With that, he turned, lifted his robe to avoid tripping and ran as if all the demons of the air were flying after him.
Norbert and Gaucher laughed. “I wondered if Abbot Peter would drag old Rigaud out of his cell for this trip,” Norbert said.
“I wonder what threats he used,” Gaucher replied. “It was the last trip to Spain that sent him into the monastery.”
“Rigaud always did have the
pendons
of a rabbit,” Norbert said. “We were fighting a holy war, after all.”
“Yes—” Gaucher’s face twisted at the memories “—I know. But why, if it was so damned holy, do I still have nightmares about it?”
Norbert looked him up and down in scorn. “You don’t drink enough,” he answered. “Let’s start taking care of that. Now.”
The overwhelming sense of terror had passed and Edgar was now feeling more than a little embarrassed to have made a fool of himself in front of Catherine and the other pilgrims. He only half-listened to her stream of comments as they walked, searching instead for some alteration in her tone that would mean she had lost all respect for him.
“Edgar, don’t look, but over by the water trough there are three men barefoot and wearing chains around their necks and waists,” she was saying. “What do you suppose they could have done? Edgar?”
“Hmm? Oh, almost anything, I’d imagine,” he told her, “from murder to sacrilege to unnatural lusts.”
“Unnatural … like what?” she asked.
Edgar looked down into her deceptively guileless blue eyes. He smiled. There was no trace of scorn in them, although he saw a bit more amusement than scholarly inquisitiveness in her expression.
“Perhaps we can find a copy of Seneca’s
Naturales Quaestiones
,” he said. “There’s a passage in there that might give you some suggestions.”
“Oh, Hostis Quadra and the mirrors,” she said.
“Catherine!”
She had the grace to blush. “I found it at Saint-Denis,” she explained. “I was reading about light and reflections. I didn’t know what was coming.”
Edgar bit his tongue. They hadn’t been married long enough for him to respond to that. “Well, then,” he said finally, “as long as you weren’t assigned it at the Paraclete.”
“I don’t think that part would interest the sisters very much,” Catherine considered. “But in the monks’ copy, that page was very well thumbed.”
Edgar surrendered.
Fortunately, just then a voice called out, “There she is!”
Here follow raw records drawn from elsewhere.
Lemma pow_tangent_le_exp (q w : R) (Y : nat) : 0 < q ->
  q ^ Y * (1 + w - INR Y * ln q) <= exp w.
Proof.
move=> q_gt0; rewrite -Rpower_pow // /Rpower.
have -> : exp w = exp (INR Y * ln q) * exp (w - INR Y * ln q)
  by rewrite -exp_plus; congr exp; ring.
apply: Rmult_le_compat_l; first exact: Rlt_le (exp_pos _).
have := exp_ineq1_le (w - INR Y * ln q); lra.
Qed.

Section HardCore.
Variables (n : nat) (adj : rel 'I_n).
Hypothesis adj_sym : forall u v, adj u v = adj v u.
Hypothesis adj_irr : forall u, adj u u = false.
Variable lam : R.

Definition nbhd (v : 'I_n) : {set 'I_n} := [set u | adj v u].

(* [hc_sum g] is [P_G(lam)] times the expectation of [g J] for [J] drawn from
   the hard-core model at fugacity [lam]. *)
Definition hc_sum (g : {set 'I_n} -> R) : R :=
  \big[Rplus/R0]_(J : {set 'I_n} | independent adj J) (lam ^ #|J| * g J).

Lemma independentP (J : {set 'I_n}) :
  reflect (forall u v, u \in J -> v \in J -> ~~ adj u v) (independent adj J).
Proof.
apply: (iffP idP) => [/forall_inP indJ u v Ju Jv | indJ].
  by move/forall_inP: (indJ u Ju); apply.
by apply/forall_inP => u Ju; apply/forall_inP => v Jv; apply: indJ.
Qed.

Lemma independent_setU1 (v : 'I_n) (J : {set 'I_n}) :
  independent adj (v |: J) = independent adj J && [disjoint J & nbhd v].
Proof.
apply/idP/andP => [indvJ | [indJ /disjointP disJ]].
  split; first by apply/independentP => x y Jx Jy; apply: (independentP _ indvJ);
    rewrite inE ?Jx ?Jy orbT.
  apply/disjointP => u Ju; rewrite inE => vu.
  by move/independentP: indvJ => /(_ v u (setU11 _ _)); rewrite inE Ju orbT vu => /(_ isT).
have vJ x : x \in J -> ~~ adj v x.
  by move=> Jx; apply/negP => vx; apply: (disJ x Jx); rewrite inE.
apply/independentP => x y; rewrite !inE => /orP[/eqP-> | Jx] /orP[/eqP-> | Jy].
- by rewrite adj_irr.
- exact: vJ.
- by rewrite adj_sym; exact: vJ.
- exact: (independentP _ indJ).
Qed.

Lemma big_hc_sum (g : 'I_n -> {set 'I_n} -> R) :
  \big[Rplus/R0]_(v : 'I_n) hc_sum (g v) =
  hc_sum (fun J => \big[Rplus/R0]_(v : 'I_n) g v J).
Proof. by rewrite /hc_sum exchange_big /=; apply: eq_bigr => J _; rewrite big_distrr. Qed.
Catherine turned toward it. “Father!” she cried and ran to his arms.
Halfway there, she stopped. She had seen Eliazar and Solomon with him. Who was he supposed to be here, a Christian or a Jew? Would her recognizing him cause him to be exposed? Hubert saw her indecision.
“Come here,
ma douce,
” he said. “I have missed you so.”
She threw herself at him, forgetting for the moment that she was no longer eight years old. “Did you bring my blue
bliaut
with the daisies on the hem?” she asked. “And my extra shoes? And a new pair of
brais
for Edgar?”
“I should have known,” he laughed. “You aren’t hugging me, but the packages I’ve brought.”
Edgar came up behind her more slowly. Hubert nodded to him. “She’s looking well,” he told his son-in-law. “
Diex te saut
.”
Edgar smiled. That was the most approval Hubert had ever given him, a tacit recognition that perhaps Catherine hadn’t made a mistake in marrying him.
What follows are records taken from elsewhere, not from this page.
(* Let $G$ be a Nash equilibrium graph and $H\subseteq G$ a non-trivial $2$-edge-connected component. Let $\pi=u_0-u_1-\dots-u_k$ be a $2$-path in $H$, oriented so that each $u_i$ with $0\le i<k$ has bought the link $(u_i,u_{i+1})$, and suppose $g(G)\ge 2k$. For $0\le i\le k-2$ let $\Delta C(u_i)$ be the change in the cost of $u_i$ caused by the $2$-swap on $u_{i+1}$ (i.e. $u_i$ replaces its link $(u_i,u_{i+1})$ by the link $(u_i,u_{i+2})$). Then $$\Delta C(u_i)=U_{i+1}-U_{i+2}-\dots-U_{k-1}-N_i,$$ where $N_i$ is the number of vertices $v\in V(G)\setminus\bar\pi$ with $x_1(v)+k-i\le x_2(v)+i$.
   Context: Sum network creation game: players $V=\{1,\dots,n\}$, parameter $\alpha>0$; a strategy of $u$ is $s_u\subseteq V\setminus\{u\}$; $G_s$ has an edge $uv$ whenever $v\in s_u$ or $u\in s_v$, and is regarded as a digraph with arc $(u,v)$ when $v\in s_u$; the cost of $u$ is $c_u(s)=\alpha|s_u|+\sum_{v\ne u}d_{G_s}(u,v)$. A Nash equilibrium graph is $G_s$ for a strategy vector $s$ from which no player can strictly lower his cost unilaterally. A $2$-edge-connected component $H$ is a maximal bridgeless subgraph; non-trivial means at least $3$ vertices. For $u\in V(H)$, $T(u)$ is the connected component containing $u$ of the subgraph of $G$ induced by $(V(G)\setminus V(H))\cup\{u\}$; the weight of $u_i$ is $U_i=|T(u_i)|$. A $2$-path in $H$ is a path $u_0-\dots-u_k$ in $H$ with $deg^-_H(u_i)=deg^+_H(u_i)=1$ for all $0<i<k$ (in- and out-degrees counted among arcs to vertices of $H$). $g(G)$ is the girth of $G$ ($\infty$ for a tree). The interior of $\pi$ is $\bar\pi=\bigcup_{0<j<k}T(u_j)$, and for $v\in V(G)\setminus\bar\pi$, $x_1(v)$ and $x_2(v)$ are the distances in the graph $G$ with the vertices of $\bar\pi$ removed from $v$ to $u_k$ and to $u_0$ respectively. *)

From HB Require Import structures.
From mathcomp Require Import all_boot all_order all_algebra.
From mathcomp Require Import reals.
Set Implicit Arguments. Unset Strict Implicit. Unset Printing Implicit Defensive.
Import Order.TTheory GRing.Theory Num.Theory.
Local Open Scope ring_scope.

(* A strategy vector assigns to each player the set of vertices he buys.      *)
Definition strategy (T : finType) := {ffun T -> {set T}}.

Definition valid_strategy {T : finType} (s : strategy T) : Prop :=
  forall u, u \notin s u.

Definition adj {T : finType} (s : strategy T) : rel T :=
  fun u v => (v \in s u) || (u \in s v).

Definition restrict {T : finType} (e : rel T) (S : {set T}) : rel T :=
  fun x y => [&& x \in S, y \in S & e x y].

Fixpoint ball {T : finType} (e : rel T) (S : {set T}) (u : T) (k : nat)
  : {set T} :=
  if k is k'.+1 then
    ball e S u k' :|: [set y in S | [exists x in ball e S u k', e x y]]
  else [set x in S | x == u].

(* Distance from u to v in the induced subgraph on S: the least k such that v
   is within k steps.  When v is unreachable this returns #|T| (only used
   where the relevant graph is connected). *)
Definition dist_in {T : finType} (e : rel T) (S : {set T}) (u v : T) : nat :=
  find (fun k => v \in ball e S u k) (iota 0 #|T|).

Definition dist {T : finType} (s : strategy T) (u v : T) : nat :=
  dist_in (adj s) setT u v.

(* Cost of u: alpha |s_u| + sum_{v <> u} d(u,v); None encodes +infinity
   (when some vertex is unreachable from u). *)
Definition cost {T : finType} {R : realType} (alpha : R) (s : strategy T)
  (u : T) : option R :=
  if [forall v, connect (adj s) u v]
  then Some (alpha * (#|s u|)%:R + (\sum_(v | v != u) dist s u v)%:R)
  else None.

Definition lt_cost {R : realType} (a b : option R) : bool :=
  match a, b with
  | Some x, Some y => x < y
  | Some _, None => true
  | None, _ => false
  end.

Definition update {T : finType} (s : strategy T) (u : T) (t : {set T})
  : strategy T := [ffun w => if w == u then t else s w].

Definition is_NE {T : finType} {R : realType} (alpha : R) (s : strategy T)
  : Prop :=
  valid_strategy s /\
  forall (u : T) (t : {set T}), u \notin t ->
    ~~ lt_cost (cost alpha (update s u t) u) (cost alpha s u).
Solomon’s greeting to Edgar was much more friendly. “Pilgrimage seems to agree with you,” he said. “With any luck, you won’t have to go all the way to Compostela to have your prayers answered.”
“Catherine and I do believe that we have to help the saint all we can,” Edgar grinned. “But I think we’ll finish the pilgrimage just the same.” His expression changed. “Perhaps then
the Lord will give to us without taking away so soon.” He looked out into a future too much desired to hope for.
Solomon waited a moment for Edgar to return. “So,” he said, “where have you found lodging? Uncle Eliazar and I have a room with some friends, but I think Hubert plans on staying with you. Is there space?”
“The hostel is packed to the rafters,” Edgar said, “but they always seem able to squeeze in another body.”
Solomon wrinkled his nose. “Sounds very cozy.”
Edgar was puzzled. “Are you coming with us on this journey?” he asked.
“For a while,” Solomon smiled. “My uncles have some business to transact, and I … well, you could say I’m on a pilgrimage, too. We’ll see you tomorrow.”
Although the hostel, no more than a large barn with a loft partitioned for sleeping and an enormous hearth on the floor below, was full, somehow the new pilgrims were fit in. The
jongleur
and his wife expected no more than a small space of floor and were not disappointed. As the woman in the black cloak made her way across the room, people edged out of her way until she found a corner all to herself. Edgar had given a coin to the hostel keeper to save them a place in another corner, and they managed to make room for Hubert there as well.
“This will not do.” The voice was not loud, but authority carries better than volume. “Goswin, I understood that you had found me a room.”
“I’m sorry, my lady,” the guard told her. “The town is full. There wasn’t a room to be had, even with the nuns. We have made a bed for you in the loft and hung the curtains. Aymo and I will stand watch all night.”
There was a pause.
“Very well.” Griselle’s eyes flicked about the room, taking stock of the people there. From the corner near the fire, where the knights had settled, Rufus of Arcy leered at her and lifted his cup. She raised her eyebrows. He lowered the cup.
Catherine watched her, admiring the cut of her
bliaut
and
the rich color of the
chainse
underneath. Even though this woman was in mourning, presumably for her husband, she had not abandoned her standards in her grief.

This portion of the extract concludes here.